Following the deadly terror attack in Quetta killing 61 people, the United States expressed its solidarity with Islamabad, but also re-iterated its warning to Pakistan to act on terrorism on its soil adding that it could directly contribute to regional stability by doing so.
Offering his condolences to the kin of the victims of the attack on the police training college in Quetta, U.S. State Department spokesperson John Kirby said in a press conference here that the attack was a cowardly, lethal and a horrific one.
“And remember that many of the victims were police cadets, young people who were training and learning to defend their fellow citizens. So obviously this is a cowardly, lethal, horrific attack. And sadly, it’s not the first time that the people of Pakistan have fallen victim to terrorism. Many soldiers have died, many civilians have died.

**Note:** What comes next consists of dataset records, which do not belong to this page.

Lemma nbhs_minimal_open x : nbhs x (minimal_open x).
Proof.
have near_i i : \forall z \near x, z = lab i -> minimal_open x z.
  have [xi|nxi] := pselect (minimal_open x (lab i)); first by apply: filterE => z ->.
  have [U /not_implyP[[oU Ux] nUi]] : exists U, ~ (open U /\ U x -> U (lab i)).
    by apply/existsNP => allU; apply: nxi => U; exact: allU.
  by apply: filterS (open_nbhs_nbhs (conj oU Ux)) => z Uz zi; rewrite zi in Uz.
apply: filterS (filter_forall (nbhs_filter x) near_i) => z zU.
by have [i iz] := lab_surj z; exact: zU i (esym iz).
Qed.
End Specialization.

Section Homotopy.
Variables (R : realType) (X : topologicalType) (H : X * R -> X).
Hypothesis H_cont : {within [set p : X * R | 0 <= p.2 <= 1], continuous H}.

Lemma homotopy_nbhs x (t : R) W : 0 <= t <= 1 -> nbhs (H (x, t)) W ->
  exists2 A, nbhs x A & exists2 B, nbhs t B &
    forall y s, A y -> B s -> 0 <= s <= 1 -> W (H (y, s)).
Proof.
move=> t01 HW.
have := (@subspace_continuousP _ [set p : X * R | 0 <= p.2 <= 1] _ H).1
  H_cont (x, t) t01 W HW.
rewrite nbhs_simpl /= => -[[A B] /= [xA tB] AB].
by exists A => //; exists B => // y s Ay Bs s01; exact: (AB (y, s)).
Qed.

Lemma homotopy_fin_le (t : R) a b :
  0 <= t <= 1 -> fin_le a b -> fin_le (H (a, t)) (H (b, t)).
Proof.
move=> t01 /fin_leP ab; apply/fin_leP => V /(homotopy_nbhs t01)[A /ab Aa [B Bt AB]].
exact: AB (nbhs_singleton Bt) t01.
Qed.

Variables (n : nat) (lab : 'I_n -> X).
Hypothesis lab_surj : forall x, exists i, lab i = x.

Lemma homotopy_near_le (t : R) : 0 <= t <= 1 ->
  \forall s \near t, 0 <= s <= 1 -> forall x, fin_le (H (x, s)) (H (x, t)).
Proof.
move=> t01.
have near_i i : \forall s \near t, 0 <= s <= 1 -> fin_le (H (lab i, s)) (H (lab i, t)).
  have [A /nbhs_singleton Ai [B Bt AB]] :=
    homotopy_nbhs t01 (nbhs_minimal_open lab_surj (H (lab i, t))).
  by apply: filterS Bt => s Bs s01; apply/fin_le_minimal_open; exact: AB.
apply: filterS (filter_forall (nbhs_filter t) near_i) => s near s01 x.
by have [i <-] := lab_surj x; exact: near.
Qed.
End Homotopy.

(* For [s] near [t], [H (-, s) <= H (-, t)]; hence being fenced to the
   identity is a locally constant property of [t] on the connected [0, 1]. *)
Lemma contractible_order_contractible (R : realType) (X : topologicalType) n
    (lab : 'I_n -> X) :
  bijective lab -> contractible R X -> order_contractible (spec_rel lab) [set: 'I_n]%SET.
Proof.
case=> g labK gK [x0 [H [H_cont [H0 H1]]]].
have lab_surj x : exists i, lab i = x by exists (g x).
pose Ht t i := g (H (lab i, t)).
have spec_Ht t s i j :
    fin_le (H (lab i, t)) (H (lab j, s)) -> spec_rel lab (Ht t i) (Ht s j).
  by move=> ts; apply/asboolP; rewrite /Ht !gK.
have Ht_mono t : 0 <= t <= 1 -> monotone_on (spec_rel lab) [set: 'I_n]%SET (Ht t).
  move=> t01; split=> // i j _ _ /asboolP ij.
  by apply: spec_Ht; exact: homotopy_fin_le.
have fence_Ht : fence (spec_rel lab) [set: 'I_n]%SET (Ht 1).
  apply: (@connected_locally_constant _ [set t : R | 0 <= t <= 1]
    (fun t => fence (spec_rel lab) [set: 'I_n]%SET (Ht t)) _ _ 0 1).
  - apply/connected_intervalP => x y /andP[x0' _] /andP[_ y1] z /andP[xz zy].
    by rewrite /= (le_trans x0' xz) (le_trans zy y1).
  - move=> t t01; apply: filterS (homotopy_near_le H_cont lab_surj t01) => s st s01.
    split=> [fence_s|fence_t].
      by apply: fence_step fence_s (Ht_mono t t01) _; left=> i _; exact: spec_Ht (st s01 _).
    by apply: fence_step fence_t (Ht_mono s s01) _; right=> i _; exact: spec_Ht (st s01 _).
  - by rewrite /= lexx ler01.
  - by apply: fence_id => i _; rewrite /Ht H0 labK.
  - by rewrite /= ler01 lexx.
by exists (Ht 1) => //; exists (g x0) => // i _; rewrite /Ht H1.
Qed.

This isn’t some theoretical exercise for the Pakistani people; it’s right there. Not in their backyard, in their front yard,” Kirby said. Stressing that the U.S. remains committed to supporting the Government of Pakistan in its efforts to end the scourge of terrorism and violent extremism and to promote peace and stability, Kirby added that the U.S. will continue to work with regional countries, regional partners, to deal with terrorism because it is a common threat to everybody.

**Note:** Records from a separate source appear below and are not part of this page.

(** * Checking a proof line by line *)

Inductive justification : Type :=
| ByAxiom (k : nat)
| ByCD (major minor : nat).

Definition form_eqb (F G : form) : bool := if form_eq_dec F G then true else false.

Lemma form_eqb_eq (F G : form) : form_eqb F G = true -> F = G.
Proof. unfold form_eqb; destruct (form_eq_dec F G); congruence. Qed.

Definition justified (proven : list form) (F : form) (why : justification) : bool :=
  match why with
  | ByAxiom k =>
      match nth_error axioms k with Some a => form_eqb a F | None => false end
  | ByCD i j =>
      match nth_error proven i, nth_error proven j with
      | Some M, Some N =>
          match cd M N with Some G => form_eqb G F && dn_freeb F | None => false end
      | _, _ => false
      end
  end.

Lemma justified_provable (proven : list form) (F : form) (why : justification) :
  Forall dnf_provable proven -> justified proven F why = true -> dnf_provable F.
Proof.
  intros Hproven; rewrite Forall_forall in Hproven.
  destruct why as [k | i j]; simpl.
  - destruct (nth_error axioms k) as [a |] eqn:Ha; intros HaF; [| discriminate].
    apply form_eqb_eq in HaF as <-.
    apply (dnf_ax a); [eapply nth_error_In, Ha | apply variant_refl].
  - destruct (nth_error proven i) as [M |] eqn:HM; [| discriminate].
    destruct (nth_error proven j) as [N |] eqn:HN; [| discriminate].
    destruct (cd M N) as [G |] eqn:HG; intros HF; [| discriminate].
    apply andb_prop in HF as [HGF HF]; apply form_eqb_eq in HGF as <-.
    apply (dnf_cd M N G).
    + eapply Hproven, nth_error_In, HM.
    + eapply Hproven, nth_error_In, HN.
    + apply cd_step_cd, HG.
    + apply dn_freeb_dn_free, HF.
Qed.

“And it requires common, comprehensive, collaborative solutions. And that’s what we’re going to continue to seek.We believe that Pakistan can directly contribute to regional stability by acting against militants on Pakistani soil who seek to attack its neighbours,” the spokesperson said.
For the past two weeks the United States has been putting pressure on Pakistan to take action against terrorists and terror organisations using its soil as a safe haven.
Following which, Pakistani authorities froze bank accounts with more than Rs 400 million belonging to some 5,100 terror suspects, including Jaish-e-Mohammed (JeM) chief Masood Azhar.
Among those whose accounts were frozen by the State Bank of Pakistan (SBP) are 1,200 suspects included in “category A” of the Anti-Terrorism Act of 1997, which covers terrorists who pose an exceptional or high risk.
Official documents showed the authorities had blocked the bank accounts of 3,078 suspects from Khyber-Pakhtunkhwa and the tribal areas, 1,443 from Punjab, 226 from Sindh, 193 from Balochistan, 106 from Gilgit-Baltistan, 27 from the Islamabad Capital Territory and 26 from Pakistan-occupied Kashmir.
Prominent suspects whose accounts were frozen include Maulana Abdul Aziz of Islamabad’s radical Lal Masjid, Ahmed Ludhianvi of the Ahl-e-Sunnat Wal Jamaat, Matiur Rehman of al-Qaeda Pakistan, Qari Ehsan of Lashkar-e-Jhangvi.